START Data shown

(* Let $E\subseteq\mathbb{R}$ and let $f:E\to\mathbb{R}$ be Abel continuous on $E$. Then $f$ is continuous on $E$ in the ordinary sense.
   Context: A sequence $(p_n)_{n\ge 0}$ of real numbers is Abel convergent to $\ell\in\mathbb{R}$ if the series $\sum_{k=0}^{\infty}p_k x^k$ converges for every $0\le x<1$ and $\lim_{x\to 1^-}(1-x)\sum_{k=0}^{\infty}p_k x^k=\ell$. A function $f:E\to\mathbb{R}$ is Abel continuous on $E$ if for every sequence $(p_n)$ of points of $E$ that is Abel convergent to a point $\ell\in E$, the sequence $(f(p_n))$ is Abel convergent to $f(\ell)$. *)

From Stdlib Require Import Reals.
From Coquelicot Require Import Coquelicot.
Open Scope R_scope.

Definition abel_convergent (p : nat -> R) (l : R) : Prop :=
  (forall x : R, 0 <= x < 1 -> ex_series (fun k => p k * x ^ k)) /\
  filterlim (fun x => (1 - x) * Series (fun k => p k * x ^ k))
            (at_left 1) (locally l).

(* f : E -> R (modelled as f : R -> R, only its values on E matter)
   is Abel continuous on E. *)
Definition abel_continuous_on (E : R -> Prop) (f : R -> R) : Prop :=
  forall (p : nat -> R) (l : R),
    (forall n, E (p n)) -> E l -> abel_convergent p l ->
    abel_convergent (fun n => f (p n)) (f l).

(* A sequence whose deviations from [l] are summable is Abel convergent to [l],
   since [(1 - x) sum p_k x^k - l = (1 - x) sum (p_k - l) x^k]. If [f] were
   discontinuous at [x0], there would be points [z] of [E] arbitrarily close to
   [x0] with, say, [f z >= f x0 + eps]; choosing them within [2^-n] of [x0]
   gives a sequence Abel convergent to [x0] whose images stay above
   [f x0 + eps], and since Abel limits preserve lower bounds the Abel limit
   [f x0] of the images would be at least [f x0 + eps]. *)

From Stdlib Require Import Reals Lra Classical IndefiniteDescription.
From Coquelicot Require Import Coquelicot.
Open Scope R_scope.

Lemma ex_series_geom_unit (x : R) : 0 <= x < 1 -> ex_series (fun k => x ^ k).
Proof.
  intros Hx; exists (/ (1 - x)).
  apply is_series_geom; rewrite Rabs_pos_eq; lra.
Qed.

Lemma Series_geom_unit (x : R) : 0 <= x < 1 -> Series (fun k => x ^ k) = / (1 - x).
Proof. intros Hx; apply Series_geom; rewrite Rabs_pos_eq; lra. Qed.

Lemma at_left_1_witness (P : R -> Prop) : at_left 1 P -> exists x, 0 <= x < 1 /\ P x.
Proof.
  intros [e He].
  assert (He_pos := cond_pos e).
  set (x := Rmax 0 (1 - e / 2)).
  assert (Hx : 0 <= x < 1) by (split; [apply Rmax_l | apply Rmax_lub_lt; lra]).
  exists x; split; [exact Hx|].
  apply He; [|lra].
  change (Rabs (x - 1) < e).
  assert (1 - e / 2 <= x) by apply Rmax_r.
  rewrite Rabs_left; lra.
Qed.

Lemma filterlim_at_left_1_of_bound (h : R -> R) (l M : R) :
  (forall x, 0 <= x < 1 -> Rabs (h x - l) <= (1 - x) * M) ->
  filterlim h (at_left 1) (locally l).
Proof.
  intros Hh.
  assert (HM : 0 < Rabs M + 1) by (pose proof (Rabs_pos M); lra).
  apply filterlim_locally; intros eps.
  assert (Heps := cond_pos eps).
  set (d := Rmin (eps / (Rabs M + 1)) 1).
  assert (Hd_eps : d <= eps / (Rabs M + 1)) by apply Rmin_l.
  assert (Hd_1 : d <= 1) by apply Rmin_r.
  exists (mkposreal d ltac:(apply Rmin_pos; [apply Rdiv_lt_0_compat|]; lra)).
  intros x Hnear Hx1.
  change (Rabs (x - 1) < d) in Hnear.
  change (Rabs (h x - l) < eps).
  rewrite Rabs_left in Hnear by lra.
  assert (Hx : 0 <= x < 1) by lra.
  apply Rle_lt_trans with ((1 - x) * (Rabs M + 1)).
  - eapply Rle_trans; [exact (Hh x Hx)|].
    apply Rmult_le_compat_l; [lra|].
    pose proof (Rle_abs M); lra.
  - apply Rlt_le_trans with (eps / (Rabs M + 1) * (Rabs M + 1)).
    + apply Rmult_lt_compat_r; lra.
    + unfold Rdiv; rewrite Rmult_assoc, Rinv_l by lra; lra.
Qed.

Lemma Series_nonneg (a : nat -> R) :
  ex_series a -> (forall n, 0 <= a n) -> 0 <= Series a.
Proof.
  intros Hex Ha.
  rewrite <- (Rmult_0_l (Series a)), <- Series_scal_l.
  apply Series_le; [|exact Hex].
  intros n; specialize (Ha n); lra.
Qed.

Lemma ex_series_sub_const (p : nat -> R) (c x : R) :
  0 <= x < 1 ->
  ex_series (fun k => p k * x ^ k) <-> ex_series (fun k => (p k - c) * x ^ k).
Proof.
  intros Hx.
  assert (Hgeom : ex_series (fun k => c * x ^ k))
    by exact (ex_series_scal_l c _ (ex_series_geom_unit x Hx)).
  split; intros Hex.
  - eapply ex_series_ext; [|exact (ex_series_minus _ _ Hex Hgeom)].
    intros k; unfold minus, plus, opp; simpl; ring.
  - eapply ex_series_ext; [|exact (ex_series_plus _ _ Hex Hgeom)].
    intros k; unfold plus; simpl; ring.
Qed.

Lemma abel_mean_sub_const (p : nat -> R) (c x : R) :
  0 <= x < 1 -> ex_series (fun k => p k * x ^ k) ->
  (1 - x) * Series (fun k => p k * x ^ k) - c
  = (1 - x) * Series (fun k => (p k - c) * x ^ k).
Proof.
  intros Hx Hex.
  assert (Hgeom : ex_series (fun k => c * x ^ k))
    by exact (ex_series_scal_l c _ (ex_series_geom_unit x Hx)).
  rewrite (Series_ext (fun k => (p k - c) * x ^ k) (fun k => p k * x ^ k - c * x ^ k))
    by (intros; ring).
  rewrite (Series_minus _ _ Hex Hgeom), Series_scal_l, Series_geom_unit by exact Hx.
  field; lra.
Qed.

Lemma abel_convergent_of_summable (p : nat -> R) (l : R) :
  ex_series (fun k => Rabs (p k - l)) -> abel_convergent p l.
Proof.
  intros Hsum.
  assert (Hdom : forall x k, 0 <= x < 1 ->
            Rabs ((p k - l) * x ^ k) <= Rabs (p k - l)).
  { intros x k Hx.
    rewrite Rabs_mult, (Rabs_pos_eq (x ^ k)) by (apply pow_le; lra).
    assert (x ^ k <= 1) by (rewrite <- (pow1 k); apply pow_incr; lra).
    assert (0 <= Rabs (p k - l)) by apply Rabs_pos.
    nra. }
  assert (Habs : forall x, 0 <= x < 1 ->
            ex_series (fun k => Rabs ((p k - l) * x ^ k))).
  { intros x Hx.
    apply (@ex_series_le R_AbsRing R_CompleteNormedModule _ (fun k => Rabs (p k - l)));
      [|exact Hsum].
    intros k; change (Rabs (Rabs ((p k - l) * x ^ k)) <= Rabs (p k - l)).
    rewrite Rabs_Rabsolu; exact (Hdom x k Hx). }
  assert (Hex : forall x, 0 <= x < 1 -> ex_series (fun k => p k * x ^ k)).
  { intros x Hx; apply (ex_series_sub_const p l x Hx).
    exact (ex_series_Rabs _ (Habs x Hx)). }
  split; [exact Hex|].
  apply (filterlim_at_left_1_of_bound _ _ (Series (fun k => Rabs (p k - l)))).
  intros x Hx.
  rewrite (abel_mean_sub_const p l x Hx (Hex x Hx)), Rabs_mult, (Rabs_pos_eq (1 - x)) by lra.
  apply Rmult_le_compat_l; [lra|].
  eapply Rle_trans; [exact (Series_Rabs _ (Habs x Hx))|].
  apply Series_le; [|exact Hsum].
  intros k; split; [apply Rabs_pos | exact (Hdom x k Hx)].
Qed.

Lemma abel_convergent_opp (p : nat -> R) (l : R) :
  abel_convergent p l -> abel_convergent (fun n => - p n) (- l).
Proof.
  intros [Hex Hlim]; split.
  - intros x Hx.
    eapply ex_series_ext; [|exact (ex_series_opp _ (Hex x Hx))].
    intros k; unfold opp; simpl; ring.
  - apply (filterlim_ext (fun x => - ((1 - x) * Series (fun k => p k * x ^ k)))).
    + intros x.
      rewrite (Series_ext (fun k => - p k * x ^ k) (fun k => - (p k * x ^ k)))
        by (intros; ring).
      rewrite Series_opp; ring.
    + eapply filterlim_comp; [exact Hlim | exact (filterlim_opp l)].
Qed.

Lemma abel_convergent_lb (p : nat -> R) (l c : R) :
  abel_convergent p l -> (forall n, c <= p n) -> c <= l.
Proof.
  intros [Hex Hlim] Hc.
  apply Rnot_lt_le; intros Hlt.
  apply filterlim_locally with (eps := mkposreal (c - l) ltac:(lra)) in Hlim.
  destruct (at_left_1_witness _ Hlim) as [x [Hx Hnear]].
  change (Rabs ((1 - x) * Series (fun k => p k * x ^ k) - l) < c - l) in Hnear.
  assert (Hmean : c <= (1 - x) * Series (fun k => p k * x ^ k)).
  { apply Rminus_le_0; rewrite (abel_mean_sub_const p c x Hx (Hex x Hx)).
    apply Rmult_le_pos; [lra|].
    apply Series_nonneg; [exact (proj1 (ex_series_sub_const p c x Hx) (Hex x Hx))|].
    intros k; assert (0 <= x ^ k) by (apply pow_le; lra).
    specialize (Hc k); nra. }
  apply Rabs_def2 in Hnear; lra.
Qed.

Lemma abel_convergent_ub (p : nat -> R) (l c : R) :
  abel_convergent p l -> (forall n, p n <= c) -> l <= c.
Proof.
  intros Hp Hc.
  apply Ropp_le_cancel, (abel_convergent_lb _ _ _ (abel_convergent_opp p l Hp)).
  intros n; apply Ropp_le_contravar, Hc.
Qed.

Definition adherent (P : R -> Prop) (x0 : R) : Prop :=
  forall d, 0 < d -> exists z, P z /\ Rabs (z - x0) < d.

Lemma adherent_union (P Q S : R -> Prop) (x0 : R) :
  adherent S x0 -> (forall z, S z -> P z \/ Q z) -> adherent P x0 \/ adherent Q x0.
Proof.
  intros HS HPQ.
  destruct (classic (adherent P x0)) as [HP|HnP]; [now left|right].
  unfold adherent in HnP.
  apply not_all_ex_not in HnP as [d0 HnP].
  apply imply_to_and in HnP as [Hd0 HnP].
  intros d Hd.
  destruct (HS (Rmin d d0) ltac:(now apply Rmin_pos)) as [z [Sz Hz]].
  assert (Rmin d d0 <= d) by apply Rmin_l.
  assert (Rmin d d0 <= d0) by apply Rmin_r.
  exists z; split; [|lra].
  destruct (HPQ z Sz) as [Pz|Qz]; [|exact Qz].
  exfalso; apply HnP; exists z; split; [exact Pz | lra].
Qed.

Lemma adherent_abel_convergent (P : R -> Prop) (x0 : R) :
  adherent P x0 -> exists y, (forall n, P (y n)) /\ abel_convergent y x0.
Proof.
  intros HP.
  destruct (functional_choice (fun n z => P z /\ Rabs (z - x0) < (1 / 2) ^ n))
    as [y Hy].
  { intros n; apply HP, pow_lt; lra. }
  exists y; split; [intros n; apply Hy|].
  apply abel_convergent_of_summable.
  apply (@ex_series_le R_AbsRing R_CompleteNormedModule _ (fun n => (1 / 2) ^ n));
    [|apply ex_series_geom_unit; lra].
  intros n; change (Rabs (Rabs (y n - x0)) <= (1 / 2) ^ n).
  rewrite Rabs_Rabsolu; apply Rlt_le, Hy.
Qed.

Lemma not_continue_in_adherent (E : R -> Prop) (f : R -> R) (x0 : R) :
  ~ continue_in f E x0 ->
  exists eps, 0 < eps /\ adherent (fun z => E z /\ eps <= Rabs (f z - f x0)) x0.
Proof.
  intros Hnc.
  unfold continue_in, limit1_in, limit_in in Hnc.
  apply not_all_ex_not in Hnc as [eps Hnc].
  apply imply_to_and in Hnc as [Heps Hnc].
  exists eps; split; [exact Heps|].
  intros d Hd; apply NNPP; intros Hno.
  apply Hnc; exists d; split; [exact Hd|].
  intros z [[Ez _] Hz]; simpl in *; unfold R_dist in *.
  apply Rnot_le_lt; intros Hfz.
  apply Hno; exists z; tauto.
Qed.

Lemma abel_continuous_along (E P : R -> Prop) (f : R -> R) (x0 : R) :
  abel_continuous_on E f -> E x0 -> (forall z, P z -> E z) -> adherent P x0 ->
  exists y, (forall n, P (y n)) /\ abel_convergent (fun n => f (y n)) (f x0).
Proof.
  intros Hf Hx0 HPE HP.
  destruct (adherent_abel_convergent P x0 HP) as [y [Hy Habel]].
  exists y; split; [exact Hy|].
  exact (Hf y x0 (fun n => HPE _ (Hy n)) Hx0 Habel).
Qed.

Theorem theorem1 (E : R -> Prop) (f : R -> R) :
  abel_continuous_on E f -> forall x0 : R, E x0 -> continue_in f E x0.
Proof.
  intros Hf x0 Hx0.
  apply NNPP; intros Hnc.
  destruct (not_continue_in_adherent E f x0 Hnc) as [eps [Heps Hadh]].
  destruct (adherent_union (fun z => E z /\ f x0 + eps <= f z)
                           (fun z => E z /\ f z <= f x0 - eps) _ x0 Hadh)
    as [Habove|Hbelow].
  { intros z [Ez Hz]; revert Hz; unfold Rabs; destruct Rcase_abs; intros Hz;
      [right | left]; split; auto; lra. }
  - destruct (abel_continuous_along E _ f x0 Hf Hx0 (fun z Hz => proj1 Hz) Habove)
      as [y [Hy Habel]].
    assert (f x0 + eps <= f x0)
      by exact (abel_convergent_lb _ _ _ Habel (fun n => proj2 (Hy n))).
    lra.
  - destruct (abel_continuous_along E _ f x0 Hf Hx0 (fun z Hz => proj1 Hz) Hbelow)
      as [y [Hy Habel]].
    assert (f x0 <= f x0 - eps)
      by exact (abel_convergent_ub _ _ _ Habel (fun n => proj2 (Hy n))).
    lra.
Qed.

END Data shown

Try it: Write down, word for word, the lines above from the one containing "apply (@ex_series_le R_AbsRing R_CompleteNormedModule _ (fun n" through the one containing "Lemma abel_continuous_along (E", both ends included.

Written answer:
  apply (@ex_series_le R_AbsRing R_CompleteNormedModule _ (fun n => (1 / 2) ^ n));
    [|apply ex_series_geom_unit; lra].
  intros n; change (Rabs (Rabs (y n - x0)) <= (1 / 2) ^ n).
  rewrite Rabs_Rabsolu; apply Rlt_le, Hy.
Qed.

Lemma not_continue_in_adherent (E : R -> Prop) (f : R -> R) (x0 : R) :
  ~ continue_in f E x0 ->
  exists eps, 0 < eps /\ adherent (fun z => E z /\ eps <= Rabs (f z - f x0)) x0.
Proof.
  intros Hnc.
  unfold continue_in, limit1_in, limit_in in Hnc.
  apply not_all_ex_not in Hnc as [eps Hnc].
  apply imply_to_and in Hnc as [Heps Hnc].
  exists eps; split; [exact Heps|].
  intros d Hd; apply NNPP; intros Hno.
  apply Hnc; exists d; split; [exact Hd|].
  intros z [[Ez _] Hz]; simpl in *; unfold R_dist in *.
  apply Rnot_le_lt; intros Hfz.
  apply Hno; exists z; tauto.
Qed.

Lemma abel_continuous_along (E P : R -> Prop) (f : R -> R) (x0 : R) :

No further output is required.